■ Instructions to follow
Using the listing below, count every line that contains the word "isprop"; respond with the count alone.

Start of Material for this exercise

Lemma mtree_children_ta f k j t :
  nth_error (children (mtree f)) k = Some (j, t) -> ta f j.
Proof.
  revert k; induction f as [x|g _|g IHg h IHh|i g _]; intros k Hk; simpl in *.
  - destruct k; discriminate.
  - destruct k; discriminate.
  - destruct (Nat.lt_ge_cases k (length (children (mtree g)))) as [Hlt|Hge].
    + rewrite nth_error_app1 in Hk by exact Hlt; eauto.
    + rewrite nth_error_app2 in Hk by exact Hge; eauto.
  - assert (Hi : exists t', mtree (B i g) = Node [(i, t')]).
    { simpl; destruct (isprop g); [eauto|].
      destruct g as [| |a b|]; [eauto|eauto| |eauto]; destruct (isprop a); eauto. }
    destruct Hi as [t' Ht']; simpl in Ht'; rewrite Ht' in Hk.
    destruct k as [|[|k]]; simpl in Hk; congruence.
Qed.

(* [plain_body psi]: the formula [B_i psi] falls under construction (2), not (1) or (3). *)
Definition plain_body (psi : form) : Prop :=
  isprop psi = false /\ forall a b, psi = And a b -> isprop a = false.

Lemma mtree_B_plain i psi : plain_body psi -> mtree (B i psi) = Node [(i, mtree psi)].
Proof.
  intros [Hpsi Hand]; simpl; rewrite Hpsi.
  destruct psi as [| |a b|]; try reflexivity.
  now rewrite (Hand a b eq_refl).
Qed.

Lemma mtree_B_and_prop i xi psi :
  isprop xi = true -> isprop psi = false -> mtree (B i (And xi psi)) = Node [(i, mtree psi)].
Proof. intros Hxi Hpsi; simpl; now rewrite Hxi, Hpsi. Qed.

Lemma DBInormal_not_prop f : DBInormal f -> isprop f = false.
Proof. intros H; induction H; simpl; auto; now rewrite IHDBInormal1. Qed.

Lemma DBInormal_and_inv a b :
  DBInormal (And a b) -> DBInormal a /\ DBInormal b /\ (forall j, ta a j -> ta b j -> False).
Proof. intros H; inversion H; auto. Qed.

Lemma DBInormal_plain_body f : DBInormal f -> plain_body f.
Proof.
  intros H; split; [now apply DBInormal_not_prop|].
  intros a b ->; apply DBInormal_not_prop, (DBInormal_and_inv _ _ H).
Qed.

Lemma DBInormal_B_inv i psi :
  plain_body psi -> DBInormal (B i psi) -> DBInormal psi /\ ~ ta psi i.
Proof.
  intros [Hpsi Hand] H; inversion H; subst; auto.
  - congruence.
  - rewrite (Hand _ _ eq_refl) in *; discriminate.
Qed.

Lemma DBInormal_B_and_inv i xi psi :
  isprop xi = true -> isprop psi = false ->
  DBInormal (B i (And xi psi)) -> DBInormal psi /\ ~ ta psi i.
Proof.
  intros Hxi Hpsi H; inversion H; subst; auto.
  - simpl in *; rewrite Hpsi in *; destruct (isprop xi); discriminate.
  - destruct (DBInormal_and_inv xi psi) as [Hx _]; auto.
    rewrite (DBInormal_not_prop _ Hx) in Hxi; discriminate.
Qed.

Definition paths_stutter_free (t : tree) : Prop :=
  forall sigma, RootP t sigma -> stutter_free (agSeq t sigma).

Lemma paths_stutter_free_single i t :
  (forall k j t', nth_error (children t) k = Some (j, t') -> j <> i) ->
  paths_stutter_free t -> paths_stutter_free (Node [(i, t)]).
Proof.
  intros Hlab Ht sigma Hsig.
  destruct (RootP_single _ _ _ Hsig) as [->|(p & Hp & ->)]; [exact I|].
  destruct p as [|k p]; [exact I|].
  specialize (Ht _ Hp).
  destruct (RootP_cons_inv _ _ _ Hp) as (j & t' & Hk & _ & Hag).
  rewrite Hag in *; split; [apply not_eq_sym; eauto | exact Ht].
Qed.

Lemma DBInormal_paths_stutter_free f : DBInormal f -> paths_stutter_free (mtree f).
Proof.
  intros H; induction H as [i xi Hxi|i psi Hn IH Hi|i xi psi Hxi Hn IH Hi|a b _ IHa _ IHb _].
  - simpl; rewrite Hxi; apply paths_stutter_free_single.
    + intros [|k]; discriminate.
    + intros [|k p] _; [exact I | destruct k; exact I].
  - rewrite mtree_B_plain by now apply DBInormal_plain_body.
    apply paths_stutter_free_single; auto.
    intros k j t Hk ->; exact (Hi (mtree_children_ta _ _ _ _ Hk)).
  - rewrite mtree_B_and_prop by auto using DBInormal_not_prop.
    apply paths_stutter_free_single; auto.
    intros k j t Hk ->; exact (Hi (mtree_children_ta _ _ _ _ Hk)).
  - intros sigma Hsig; change (mtree (And a b)) with
      (Node (children (mtree a) ++ children (mtree b))) in *.
    destruct (RootP_app _ _ _ Hsig) as [(s & Hs & ->)|(s & Hs & ->)]; auto.
Qed.

Definition Q_Bxi (i : nat) (m : Z) : nat -> Z -> Z -> Prop := fun j a b =>
  if Nat.eqb j i
  then (a = 0 /\ b = m) \/ (a = m /\ b = m) \/ (a = -1 /\ b = -1)
  else (a = 0 /\ b = -1) \/ (a = m /\ b = -1) \/ (a = -1 /\ b = -1).

Section Bxi.
Variables (i : nat) (m : Z).
Hypothesis Hm : 1 <= m.

Lemma Q_Bxi_shaped : shaped (fun e => e = m) (Q_Bxi i m).
Proof.
  split; [intros e ->; exact Hm| | |];
    intros j; unfold Q_Bxi; destruct (j =? i)%nat; intuition lia.
Qed.

Lemma Q_Bxi_root j v : Q_Bxi i m j 0 v -> (j = i /\ v = m) \/ (j <> i /\ v = -1).
Proof. unfold Q_Bxi; destruct (Nat.eqb_spec j i); intuition lia. Qed.

Lemma Q_Bxi_from_m j v : j <> i -> Q_Bxi i m j m v -> v = -1.
Proof. unfold Q_Bxi; destruct (Nat.eqb_spec j i); intuition lia. Qed.

Lemma Q_Bxi_words s u :
  stutter_free s -> reach (Eset (fun e => e = m)) (Q_Bxi i m) 0 s u -> u <> -1 ->
  (s = [] /\ u = 0) \/ (s = [i] /\ u = m).
Proof.
  pose proof Q_Bxi_shaped as Hsh.
  intros Hs Hr Hu; destruct s as [|j s].
  { left; split; [reflexivity | now apply reach_nil_iff in Hr]. }
  apply reach_cons_iff in Hr as (v & Hv & _ & Hr).
  destruct (Q_Bxi_root _ _ Hv) as [[-> ->]|[_ ->]];
    [|exfalso; exact (Hu (reach_sink _ _ Hsh _ _ _ Hr))].
  destruct s as [|k s].
  { right; split; [reflexivity | now apply reach_nil_iff in Hr]. }
  apply reach_cons_iff in Hr as (w & Hw & _ & Hr).
  rewrite (Q_Bxi_from_m k w (not_eq_sym (proj1 Hs)) Hw) in Hr.
  exfalso; exact (Hu (reach_sink _ _ Hsh _ _ _ Hr)).
Qed.

Lemma Q_Bxi_unique_words : unique_words (Eset (fun e => e = m)) (Q_Bxi i m).
Proof.
  intros s s' u Hs Hs' Hr Hr' Hu.
  destruct (Q_Bxi_words _ _ Hs Hr Hu) as [[-> ->]|[-> ->]];
    destruct (Q_Bxi_words _ _ Hs' Hr' Hu) as [[-> ?]|[-> ?]]; auto; lia.
Qed.

Lemma Q_Bxi_live : paths_live (Node [(i, Node [])]) (Eset (fun e => e = m)) (Q_Bxi i m).
Proof.
  intros sigma Hsig.
  destruct (RootP_single _ _ _ Hsig) as [->|(p & Hp & ->)]; [apply live_nil|].
  inversion Hp as [|ch k j t p' Hk]; subst; [|destruct k; discriminate].
  split.
  - exists m; split; [right; right; reflexivity|].
    apply reach_cons_iff; exists m; split; [|split; [right; right; reflexivity | constructor]].
    unfold Q_Bxi; rewrite Nat.eqb_refl; auto.
  - intros u Hr; apply reach_cons_iff in Hr as (v & Hv & _ & Hr).
    apply reach_nil_iff in Hr as ->.
    destruct (Q_Bxi_root _ _ Hv) as [[_ ->]|[? _]]; [lia | congruence].
Qed.

End Bxi.

Definition Q_B (i : nat) (D : Z -> Prop) (Q : nat -> Z -> Z -> Prop) (m : Z) :
  nat -> Z -> Z -> Prop := fun j a b =>
  if Nat.eqb j i
  then Qunder D Q j a b \/ (a = 0 /\ b = m) \/ (a = m /\ b = m)
  else Qunder D Q j a b \/ (a = 0 /\ b = -1) \/ (a = m /\ Q j 0 b).

Section Box.
Variables (i : nat) (D : Z -> Prop) (Q : nat -> Z -> Z -> Prop) (m : Z).
Hypotheses (HDQ : shaped D Q) (Hm : 1 <= m) (HmD : ~ D m).

Local Notation D' := (fun e => D e \/ e = m).
Local Notation W' := (Eset (fun e => D e \/ e = m)).
Local Notation Q' := (Q_B i D Q m).

Lemma Q_B_nonroot j a b : a = -1 \/ D a -> (Q' j a b <-> Q j a b).
Proof.
  intros Ha; rewrite <- (Qunder_iff _ _ HDQ j a b Ha).
  assert (Ha0 := nonroot_neq0 _ _ HDQ a Ha).
  assert (Ham : a <> m) by (intros ->; destruct Ha; [lia | contradiction]).
  unfold Q_B; destruct (j =? i)%nat; intuition.
Qed.

Lemma Q_B_root j v : Q' j 0 v <-> (j = i /\ v = m) \/ (j <> i /\ v = -1).
Proof.
  unfold Q_B, Qunder; destruct (Nat.eqb_spec j i); intuition lia.
Qed.

Lemma Q_B_from_m j v : j <> i -> (Q' j m v <-> Q j 0 v).
Proof.
  intros Hji; unfold Q_B, Qunder, Eset; destruct (Nat.eqb_spec j i); [contradiction|].
  intuition lia.
Qed.

Lemma Q_B_shaped : shaped D' Q'.
Proof.
  split.
  - intros e [He | ->]; [exact (shaped_pos HDQ e He) | exact Hm].
  - intros j a b; unfold Q_B; destruct (j =? i)%nat;
      intros [H|[[_ ->]|[_ H]]]; auto;
      [apply Qunder_target in H | apply Qunder_target in H | apply (shaped_target HDQ) in H];
      tauto.
  - intros j b; rewrite Q_B_nonroot by auto; apply (shaped_sink HDQ).
  - intros j; rewrite Q_B_nonroot by auto; apply (shaped_sink_loop HDQ).
Qed.

Lemma reach_Q_B_nonroot s v u :
  v = -1 \/ D v -> (reach W' Q' v s u <-> reach (Eset D) Q v s u).
Proof.
  apply (reach_agree _ _ _ _ (fun x => x = -1 \/ D x)).
  - intros j a b Ha; rewrite Q_B_nonroot by exact Ha.
    split; intros [H _]; pose proof (shaped_target HDQ _ _ _ H);
      split; auto; apply Eset_nonroot; tauto.
  - intros j a b _; apply (shaped_target HDQ).
Qed.

Lemma reach_Q_B_root_i t u : reach W' Q' 0 (i :: t) u <-> reach W' Q' m t u.
Proof.
  rewrite reach_cons_iff; split.
  - intros (v & Hv & _ & Hr); apply Q_B_root in Hv as [[_ ->]|[? _]]; [exact Hr|congruence].
  - intros Hr; exists m; rewrite Q_B_root; repeat split; auto.
    right; right; right; reflexivity.
Qed.

Lemma reach_Q_B_root_other j t u : j <> i -> reach W' Q' 0 (j :: t) u -> u = -1.
Proof.
  intros Hji; rewrite reach_cons_iff; intros (v & Hv & _ & Hr).
  apply Q_B_root in Hv as [[? _]|[_ ->]]; [contradiction|].
  exact (reach_sink _ _ Q_B_shaped _ _ _ Hr).
Qed.

Lemma reach_Q_B_from_m j t u :
  j <> i -> (reach W' Q' m (j :: t) u <-> reach (Eset D) Q 0 (j :: t) u).
Proof.
  intros Hji; rewrite !reach_cons_iff.
  split; intros (v & Hv & _ & Hr); exists v; rewrite Q_B_from_m in * by exact Hji;
    pose proof (shaped_target HDQ _ _ _ Hv) as Hvn;
    rewrite reach_Q_B_nonroot in * by exact Hvn;
    repeat split; auto; apply Eset_nonroot; tauto.
Qed.

Lemma Q_B_words s u :
  stutter_free s -> reach W' Q' 0 s u -> u <> -1 ->
  (s = [] /\ u = 0) \/ (s = [i] /\ u = m) \/
  exists j t, s = i :: j :: t /\ stutter_free (j :: t) /\ reach (Eset D) Q 0 (j :: t) u.
Proof.
  intros Hs Hr Hu; destruct s as [|j s].
  { left; split; [reflexivity | now apply reach_nil_iff in Hr]. }
  destruct (Nat.eq_dec j i) as [->|Hji];
    [|exfalso; exact (Hu (reach_Q_B_root_other _ _ _ Hji Hr))].
  apply reach_Q_B_root_i in Hr.
  destruct s as [|k t].
  { right; left; split; [reflexivity | now apply reach_nil_iff in Hr]. }
  right; right; exists k, t; destruct Hs as [Hik Hs].
  rewrite reach_Q_B_from_m in Hr by congruence; auto.
Qed.

Lemma Q_B_unique_words : unique_words (Eset D) Q -> unique_words W' Q'.
Proof.
  intros Huw s s' u Hs Hs' Hr Hr' Hu.
  assert (Hm_unreached : forall j t, ~ reach (Eset D) Q 0 (j :: t) m).
  { intros j t H; destruct (reach_cons_nonroot _ _ HDQ _ _ _ _ _ H); [lia|contradiction]. }
  assert (H0_unreached : forall j t, ~ reach (Eset D) Q 0 (j :: t) 0).
  { intros j t H; discriminate (reach_root_nil _ _ HDQ _ _ _ H). }
  destruct (Q_B_words _ _ Hs Hr Hu) as [[-> ->]|[[-> ->]|(j & t & -> & Ht & Hrt)]];
    destruct (Q_B_words _ _ Hs' Hr' Hu) as [[-> ?]|[[-> ?]|(j' & t' & -> & Ht' & Hrt')]];
    subst; try reflexivity; try lia;
    try (exfalso; first [eapply H0_unreached; eassumption | eapply Hm_unreached; eassumption]).
  f_equal; eapply Huw; eassumption.
Qed.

End of Material for this exercise

■ Output of the task
7